不难看出，DescriptorPool 和 DescriptorDatabase 通过缓存机制提高了反射运行效率。DescriptorDatabase 从磁盘中读取 .proto 内容并解析成 Descriptor 并不常用，实际上我们在使用 protoc 生成 xxx.pb.cc 和 xxx.pb.h 文件时，其中不仅仅包含了读写数据的接口，还包含了 .proto 文件内容。阅读任意一个 xxx.pb.cc 的内容，你可以看到如下类似代码

static void AddDescriptorsImpl() {
  InitDefaults();

  // .proto 内容
  static const char descriptor[] GOOGLE_PROTOBUF_ATTRIBUTE_SECTION_VARIABLE(protodesc_cold) = {
      "\n\022single_int32.proto\"\035\n\010Example1\022\021\n\010int3"
      "2Val\030\232\005 \001(\005\" \n\010Example2\022\024\n\010int32Val\030\377\377\377\377"
      "\001 \003(\005b\006proto3"
  };

  // 注册 descriptor
  ::google::protobuf::DescriptorPool::InternalAddGeneratedFile(
      descriptor, 93);

  // 注册 instance
  ::google::protobuf::MessageFactory::InternalRegisterGeneratedFile(
    "single_int32.proto", &protobuf_RegisterTypes);
}

其中 descriptor 数组存储的便是 .proto 内容。这里当然不是简单的存储原始文本字符串，而是经过了 SerializeToString 序列化处理，而后将结果以硬编码的形式保存在 xxx.pb.cc 中，真是充分利用了自己的高效编码能力。

硬编码的 .proto 元信息内容将以懒加载的方式（被调用时才触发）被 DescriptorDatabase 加载、解析，并缓存到 DescriptorPool

3、通过实例instance 的反射接口reflection对其pb字段读写

Reflection主要提供了动态读写 message对象字段的接口，对message对象的自动读写主要通过该类完成。

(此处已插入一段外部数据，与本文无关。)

(* Let $G$ be a finite group of order $n = n_1 n_2$ with $\gcd(n_1,n_2) = 1$ and $\gcd(n, \psi(n_1)) = 1$. Then the order of the maximal nilpotent factor group of $G$ is divisible by $n_1$.
   Context: $\psi$ is the multiplicative function with $\psi(p^k) = (p^k-1)(p^{k-1}-1)\cdots(p-1)$ for prime powers $p^k$. The maximal nilpotent factor group of $G$ is $G/B$, where $B$ is the intersection of all normal subgroups $M$ of $G$ such that $G/M$ is nilpotent. *)

From mathcomp Require Import all_boot all_fingroup all_solvable.
Set Implicit Arguments. Unset Strict Implicit. Unset Printing Implicit Defensive.
Open Scope group_scope.

Definition psi (n : nat) : nat :=
  \prod_(p <- primes n) \prod_(1 <= i < (logn p n).+1) (p ^ i - 1).

(* B = intersection of all normal M of G with G/M nilpotent;
   the maximal nilpotent factor group of G is G / B. *)
Definition nil_residual (gT : finGroupType) (G : {group gT}) : {set gT} :=
  \bigcap_(M : {group gT} | (M <| G) && nilpotent (G / M)) M.

From mathcomp Require Import all_boot all_fingroup all_solvable.
From mathcomp Require Import ssralg.
Set Implicit Arguments. Unset Strict Implicit. Unset Printing Implicit Defensive.
Open Scope group_scope.

(* Fix a prime q dividing n1; the hypothesis makes |G| prime to q^i - 1 for
   all q^i dividing |G|.  If R is an r-subgroup of N_G(U), for a q-subgroup U
   and a prime r <> q, then |U| = q^a is congruent mod r to |C_U(R)| = q^c, so
   r divides q^(a-c) - 1 and R centralizes U.  Hence N_G(U)/C_G(U) is always a
   q-group, a Sylow q-subgroup P controls fusion in G, and the transfer of G
   into P/P' is nontrivial.  Induction gives a normal q-complement K; as G/K
   is a q-group the nilpotent residual lies in K, so its index is divisible by
   |G|_q = (n1)_q. *)

Definition coprime_ppowers_pred p n :=
  forall i, 0 < i <= logn p n -> coprime n (p ^ i - 1).

Lemma coprime_ppowers_pred_dvd p m n :
  0 < n -> m %| n -> coprime_ppowers_pred p n -> coprime_ppowers_pred p m.
Proof.
move=> n_gt0 dv_mn copn i /andP[i_gt0 le_i]; apply: coprime_dvdl (dv_mn) _.
by apply: copn; rewrite i_gt0 (leq_trans le_i (dvdn_leq_log _ n_gt0 dv_mn)).
Qed.

Lemma dvdn_ppow_pred_psi p n i :
  prime p -> p %| n -> 0 < i <= logn p n -> p ^ i - 1 %| psi n.
Proof.
move=> p_pr p_dv_n /andP[i_gt0 le_i].
have n_gt0 : 0 < n by case: n {p_dv_n} le_i => //; rewrite logn0 leqNgt i_gt0.
rewrite /psi (bigD1_seq p) ?primes_uniq ?mem_primes ?p_pr ?n_gt0 //=.
apply: dvdn_mulr; rewrite (@big_cat_nat _ _ _ i.+1) //= ?ltnS // big_nat_recr //=.
by apply: dvdn_mulr; apply: dvdn_mull.
Qed.

Lemma coprime_action_cent (gT : finGroupType) p q (U Q : {group gT}) :
  prime q -> p != q -> p.-group U -> q.-group Q -> Q \subset 'N(U) ->
  (forall i, 0 < i <= logn p #|U| -> ~~ (q %| p ^ i - 1)) ->
  Q \subset 'C(U).
Proof.
move=> q_pr pq pU qQ nUQ q'p_pred.
have [-> | ntU] := eqVneq U 1%G; first exact: cents1.
have [p_pr _ _] := pgroup_pdiv pU ntU.
have sCU : 'C_U(Q) \subset U := subsetIl _ _.
have actsQU : [acts Q, on U | 'J] by rewrite astabsJ.
have := pgroup_fix_mod qQ actsQU; rewrite afixJ.
rewrite (card_pgroup pU) (card_pgroup (pgroupS sCU pU)).
set a := logn p #|U|; set c := logn p _ => fixU.
have le_ca : c <= a by apply: dvdn_leq_log; rewrite ?cardG_gt0 ?cardSg.
rewrite centsC; apply/setIidPl; apply/eqP; rewrite eqEcard subsetIl /=.
rewrite (card_pgroup pU) (card_pgroup (pgroupS sCU pU)) -/a -/c.
rewrite leq_exp2l ?prime_gt1 // leqNgt; apply/negP => lt_ca.
have copq : coprime q (p ^ c).
  by rewrite coprimeXr // prime_coprime // dvdn_prime2 // eq_sym.
have : q %| p ^ c * p ^ (a - c) - p ^ c.
  rewrite -eqn_mod_dvd ?leq_pmulr ?expn_gt0 ?prime_gt0 // -expnD subnKC //.
  exact/eqP.
rewrite -[X in _ - X](muln1 (p ^ c)%N) -mulnBr Gauss_dvdr //.
by apply/negP/q'p_pred; rewrite subn_gt0 lt_ca leq_subr.
Qed.

Lemma norm_sub_cent_mul_Sylow (gT : finGroupType) p (G U S : {group gT}) :
  prime p -> coprime_ppowers_pred p #|G| -> U \subset G -> p.-group U ->
  p.-Sylow('N_G(U)) S -> 'N_G(U) \subset 'C_G(U) * S.
Proof.
move=> p_pr copG sUG pU sylS.
set M := 'N_G(U); set C := 'C_G(U).
have sSM : S \subset M := pHall_sub sylS.
have sMG : M \subset G := subsetIl _ _.
have nUM : M \subset 'N(U) := subsetIr _ _.
have nCS : S \subset 'N(C).
  rewrite normsI ?norms_cent ?(subset_trans sSM nUM) //.
  exact: subset_trans (subset_trans sSM sMG) (normG G).
have sCM : C \subset M by rewrite setIS ?cent_sub.
rewrite -norm_joinEr //.
suff /eqP-> : C <*> S :==: M by [].
rewrite eqEcard join_subG sCM sSM /=.
apply: dvdn_leq; first exact: cardG_gt0.
apply/dvdn_partP => [|q]; first exact: cardG_gt0.
rewrite mem_primes => /and3P[q_pr _ q_dv_M].
have [Q sylQ] := Sylow_exists q M.
rewrite -(card_Hall sylQ).
have [eq_qp | qp] := eqVneq q p.
  rewrite eq_qp in sylQ.
  by rewrite (card_Hall sylQ) -(card_Hall sylS) cardSg ?joing_subr.
apply/cardSg/(subset_trans _ (joing_subl _ _)).
have sQM : Q \subset M := pHall_sub sylQ.
rewrite subsetI (subset_trans sQM sMG) /=.
apply: (coprime_action_cent q_pr _ pU (pHall_pgroup sylQ) (subset_trans sQM nUM)).
  by rewrite eq_sym.
move=> i /andP[i_gt0 le_i]; rewrite -prime_coprime //.
apply: coprime_dvdl (dvdn_trans q_dv_M (cardSg sMG)) _; apply: copG.
by rewrite i_gt0 (leq_trans le_i) ?dvdn_leq_log ?cardG_gt0 ?cardSg.
Qed.

Definition conj_realized (gT : finGroupType) (P A : {set gT}) (g : gT) :=
  exists2 u, u \in P & {in A, forall a, a ^ g = a ^ u}.

Section ConjRealized.
Variables (gT : finGroupType) (P : {group gT}).

Lemma conj_realizedS (A B : {set gT}) g :
  B \subset A -> conj_realized P A g -> conj_realized P B g.
Proof. by move=> sBA [u Pu Au]; exists u => // b /(subsetP sBA)/Au. Qed.

Lemma conj_realizedM (A : {set gT}) g h :
  conj_realized P A g -> conj_realized P (A :^ g) h -> conj_realized P A (g * h).
Proof.
move=> [u Pu Au] [v Pv Av]; exists (u * v); rewrite ?groupM // => a Aa.
by rewrite !conjgM -Au // Av ?memJ_conjg.
Qed.

Lemma conj_realizedV (A : {set gT}) g :
  conj_realized P A g -> conj_realized P (A :^ g) g^-1.
Proof.
move=> [u Pu Au]; exists u^-1; rewrite ?groupV // => _ /imsetP[a Aa ->].
by rewrite conjgK Au // conjgK.
Qed.

Lemma conj_realized_cent_mul (A : {set gT}) c u :
  c \in 'C(A) -> u \in P -> conj_realized P A (c * u).
Proof.
move=> cAc Pu; exists u => // a Aa.
by rewrite conjgM; congr (_ ^ u); apply/conjg_fixP/commgP/esym/(centP cAc).
Qed.

End ConjRealized.

Section SylowFusion.
Variables (gT : finGroupType) (p : nat) (G P : {group gT}).
Hypotheses (p_pr : prime p) (copG : coprime_ppowers_pred p #|G|).
Hypothesis sylP : p.-Sylow(G) P.

Let sPG : P \subset G := pHall_sub sylP.
Let pP : p.-group P := pHall_pgroup sylP.

Lemma conj_realized_norm (B : {group gT}) n :
  B \subset P -> p.-Sylow('N_G(B)) 'N_P(B) -> n \in 'N_G(B) ->
  conj_realized P B n.
Proof.
move=> sBP sylNB NBn.
have sNCS := norm_sub_cent_mul_Sylow p_pr copG (subset_trans sBP sPG)
  (pgroupS sBP pP) sylNB.
have /mulsgP[c u /setIP[_ cBc] /setIP[Pu _] ->] := subsetP sNCS n NBn.
exact: conj_realized_cent_mul.
Qed.

Lemma exists_Sylow_normalizer_conjugate (A : {group gT}) :
  A \subset P -> exists B : {group gT}, exists2 h, h \in G &
    [/\ A :^ h = B, B \subset P & p.-Sylow('N_G(B)) 'N_P(B)].
Proof.
move=> sAP.
pose conjP (B : {group gT}) := (B \subset P) && (gval B \in A :^: G).
have conjPA : conjP A by rewrite /conjP sAP; apply/imsetP; exists 1; rewrite ?conjsg1.
have [B /andP[sBP /imsetP[h Gh defB]] maxB] :=
  arg_maxnP (fun B : {group gT} => #|'N_P(B)|) conjPA.
exists B, h => //; split=> //.
have sNPB : 'N_P(B) \subset 'N_G(B) by apply: setSI.
have [T sylT sNT] := Sylow_superset sNPB (pgroupS (subsetIl _ _) pP).
have sTG : T \subset G := subset_trans (pHall_sub sylT) (subsetIl _ _).
have [k Gk sTkP] := Sylow_Jsub sylP sTG (pHall_pgroup sylT).
have sBT : B \subset T by apply: subset_trans sNT; rewrite subsetI sBP normG.
have conjPBk : conjP (B :^ k)%G.
  rewrite /conjP /= (subset_trans _ sTkP) ?conjSg //.
  by apply/imsetP; exists (h * k); rewrite ?groupM // defB conjsgM.
have sTkN : T :^ k \subset 'N_P(B :^ k).
  by rewrite subsetI sTkP normJ conjSg (subset_trans (pHall_sub sylT)) ?subsetIr.
have leTN : #|T| <= #|'N_P(B)|.
  by rewrite -(cardJg T k); apply: leq_trans (subset_leq_card sTkN) (maxB _ conjPBk).
suff -> : 'N_P(B) = T by [].
by apply/eqP; rewrite eqEcard sNT leTN.
Qed.

Lemma conj_realized_to_Sylow_normalizer (A B : {group gT}) h :
  A \subset P -> B \subset P -> p.-Sylow('N_G(B)) 'N_P(B) ->
  h \in G -> A :^ h = B ->
  (forall g, g \in G -> 'N_P(A) :^ g \subset P -> conj_realized P 'N_P(A) g) ->
  conj_realized P A h.
Proof.
move=> sAP sBP sylNB Gh defB realizedN.
have sNAB : 'N_P(A) :^ h \subset 'N_G(B).
  by rewrite -defB normJ -(conjGid Gh) -conjIg conjSg setSI.
have pNAh : p.-group ('N_P(A) :^ h) by rewrite pgroupJ (pgroupS (subsetIl _ _) pP).
have [x NBx sNAhx] := Sylow_Jsub sylNB sNAB pNAh.
have [Gx nBx] := setIP NBx.
have sANA : A \subset 'N_P(A) by rewrite subsetI sAP normG.
rewrite -(mulgK x h); apply: conj_realizedM.
  apply: conj_realizedS sANA (realizedN _ (groupM Gh Gx) _).
  by rewrite conjsgM (subset_trans sNAhx) ?subsetIl.
rewrite conjsgM defB (normP nBx).
by apply: conj_realized_norm; rewrite // groupV.
Qed.

Theorem Sylow_controls_fusion (A : {group gT}) g :
  A \subset P -> g \in G -> A :^ g \subset P -> conj_realized P A g.
Proof.
have [k] := ubnP (#|P| - #|A|); elim: k A g => // k IHk A g ltPAk sAP Gg sAgP.
have [defA | neAP] := eqVneq A P.
  rewrite defA in sAgP *; apply: conj_realized_norm; rewrite ?(setIidPl (normG P)) //.
    by apply: pHall_subl sylP; rewrite ?subsetIl // subsetI sPG normG.
  by rewrite inE Gg; apply/normP/eqP; rewrite eqEcard sAgP cardJg /=.
have ltAP : A \proper P by rewrite properEneq neAP.
have realizedN (A' : {group gT}) : A' \proper P -> #|A'| = #|A| ->
    forall g', g' \in G -> 'N_P(A') :^ g' \subset P -> conj_realized P 'N_P(A') g'.
  move=> ltA'P oA' g' Gg' sNg'P.
  apply: (IHk 'N_P(A')%G) => //; last exact: subsetIl.
  have ltAN : #|A| < #|'N_P(A')|.
    by rewrite -oA' proper_card ?nilpotent_proper_norm ?(pgroup_nil pP).
  by apply: leq_trans (ltn_sub2l (proper_card ltAP) ltAN) _; rewrite -ltnS.
have [B [h Gh [defB sBP sylNB]]] := exists_Sylow_normalizer_conjugate sAP.
have ltAgP : (A :^ g)%G \proper P by rewrite properEcard sAgP cardJg proper_card.
have realizedA := conj_realized_to_Sylow_normalizer sAP sBP sylNB Gh defB
  (realizedN _ ltAP erefl).
have defBg : (A :^ g) :^ (g^-1 * h) = B by rewrite -conjsgM mulKVg.
have realizedAg := conj_realized_to_Sylow_normalizer sAgP sBP sylNB
  (groupM (groupVr Gg) Gh) defBg (realizedN _ ltAgP (cardJg A g)).
rewrite -(mulKVg h g); apply: conj_realizedM realizedA _.
have -> : h^-1 * g = (g^-1 * h)^-1 by rewrite invMg invgK.
by rewrite defB -defBg; apply: conj_realizedV.
Qed.

Let nP'P : P \subset 'N(P^`(1)) := der_norm 1 P.
Let to_Pab := restrm_morphism nP'P (coset_morphism P^`(1)).

Let abelian_Pab : abelian (to_Pab @* P).
Proof. by rewrite morphim_restrm setIid; apply: der_abelian 0 P. Qed.

Let fmodP := FiniteModule.fmod abelian_Pab.

(* P controls fusion, so in the cycle expansion of the transfer each factor
   [x * g ^+ n * x^-1] is P-conjugate to [g ^+ n] and has the same image in P/P'. *)
Lemma transfer_Sylow g :
  g \in P -> transfer G abelian_Pab g = (fmodP (to_Pab g) *+ #|G : P|)%R.
Proof.
move=> Pg; have Gg := subsetP sPG g Pg.
have toPabJ y u : y \in P -> u \in P -> to_Pab (y ^ u) = to_Pab y.
  move=> Py Pu; rewrite morphJ //.
  by apply/conjg_fixP/commgP/esym/(centsP abelian_Pab); apply: mem_morphim.
have trX := transversalP (rcosets_cycle_partition sPG Gg).
rewrite (transfer_cycle_expansion sPG abelian_Pab Gg trX).
rewrite -(sum_index_rcosets_cycle sPG Gg trX) -GRing.sumrMnr.
apply: eq_bigr => x Xx; set n := #|<[g]> : P :* x|.
have Gx : x \in G := subsetP (transversal_sub trX) x Xx.
have Pgn : g ^+ n \in P by rewrite groupX.
have Pgnx : (g ^+ n) ^ x^-1 \in P.
  by have := mulg_exp_card_rcosets P g x; rewrite mem_rcoset conjgE invgK mulgA.
have [u Pu realized_u] : conj_realized P <[g ^+ n]> x^-1.
  by apply: Sylow_controls_fusion; rewrite ?cycle_subG ?groupV // -cycleJ cycle_subG.
rewrite realized_u ?cycle_id //.
change (fmodP (to_Pab ((g ^+ n) ^ u)) = fmodP (to_Pab g) *+ n)%R.
rewrite toPabJ // morphX //.
by rewrite /fmodP FiniteModule.fmodX // mem_morphim.
Qed.

Lemma exists_proper_normal_pindex :
  P :!=: 1 -> exists K : {group gT}, [/\ K <| G, K \proper G & p.-nat #|G : K|].
Proof.
move=> ntP; pose tr := transfer_morphism G abelian_Pab.
have [_ [g Pg P'g]] :=
  properP (sol_der1_proper (nilpotent_sol (pgroup_nil pP)) (subxx P) ntP).
have Gg := subsetP sPG g Pg.
have tr_g : g \notin 'ker tr.
  apply: contra P'g => /(kerP tr Gg) tr_g1.
  have : FiniteModule.fmval (fmodP (to_Pab g) *+ #|G : P|)%R = 1.
    by rewrite -transfer_Sylow //; move: tr_g1 => /= ->.
  rewrite FiniteModule.fmvalZ /fmodP FiniteModule.fmodK ?mem_morphim // => to_g_exp1.
  have p_to_g : p.-elt (to_Pab g).
    by apply: mem_p_elt (morphim_pgroup _ pP) _; apply: mem_morphim.
  have /eqP : #[to_Pab g] = 1%N.
    have [_ _ p'GP] := and3P sylP.
    by apply: (pnat_1 p_to_g); apply: pnat_dvd p'GP; rewrite order_dvdn to_g_exp1.
  by rewrite order_eq1 => /eqP; apply: coset_idr; apply: subsetP nP'P g Pg.
exists ('ker tr)%G; split; first exact: ker_normal.
  by apply/properP; split; [exact: subsetIl | exists g].
have -> : #|G : 'ker tr| = #|tr @* G| by rewrite card_morphim setIid.
apply: pnat_dvd (morphim_pgroup to_Pab pP).
apply: dvdn_trans (cardSg (subsetT (tr @* G))) _.
by rewrite cardsT card_sub (eq_card (B := to_Pab @* P)) // => x; rewrite inE.
Qed.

对每种数据类型，Reflection都提供了一个单独的接口（Get、Set）用于读写字段对应的值
例如对 int32、int64的读操作：输入参数为Message和FieldDescriptor*

virtual int32  GetInt32 (const Message& message,const FieldDescriptor* field) const = 0;
  virtual int64  GetInt64 (const Message& message, const FieldDescriptor* field) const = 0;

特殊的，对于枚举和嵌套的message：

virtual const EnumValueDescriptor* GetEnum( const Message& message, const FieldDescriptor* field) const = 0;
virtual const Message& GetMessage(const Message& message,
                                    const FieldDescriptor* field,
                                    MessageFactory* factory = NULL) const = 0;

对于写操作也是类似的接口，例如SetInt32/SetInt64/SetEnum等

写单个字段的函数如下：

void SetInt32(Message * message, const FieldDescriptor * field, int32 value) const
 
void SetString(Message * message, const FieldDescriptor * field, std::string value) const

获取重复字段的函数如下：

int32 GetRepeatedInt32(const Message & message, const FieldDescriptor * field, int index) const

std::string GetRepeatedString(const Message & message, const FieldDescriptor * field, int index) const

const Message & GetRepeatedMessage(const Message & message, const FieldDescriptor * field, int index) const

获取反射Reflection接口，并且值写入的代码如下：线程安全

auto reflecter = instance.GetReflection();//2.1通过字符串"Person"取得的实例instance
auto field = descriptor->FindFieldByName("name"); // Person这个Message 中有name字段
reflecter->SetString(&instance, field, "小明") ; //反射来设置name字段

反射机制

二、反射例子

1、serialize_message

serialize_message遍历提取message中所有字段以及对应的值，序列化到string中。主要思路就是：

Descriptor得到每个字段的描述符FieldDescriptor：字段名、字段的cpp类型。
通过Reflection的GetXXX接口获取对应的value。

类 FieldDescriptor 介绍
类 FieldDescriptor 的作用主要是对 Message 中单个字段进行描述，包括字段名、字段属性、原始的 field 字段等。

其获取获取自身信息的函数：

const std::string & name() const; // Name of this field within the message.
const std::string & lowercase_name() const; // Same as name() except converted to lower-case.
const std::string & camelcase_name() const; // Same as name() except converted to camel-case.
CppType cpp_type() const; //C++ type of this field.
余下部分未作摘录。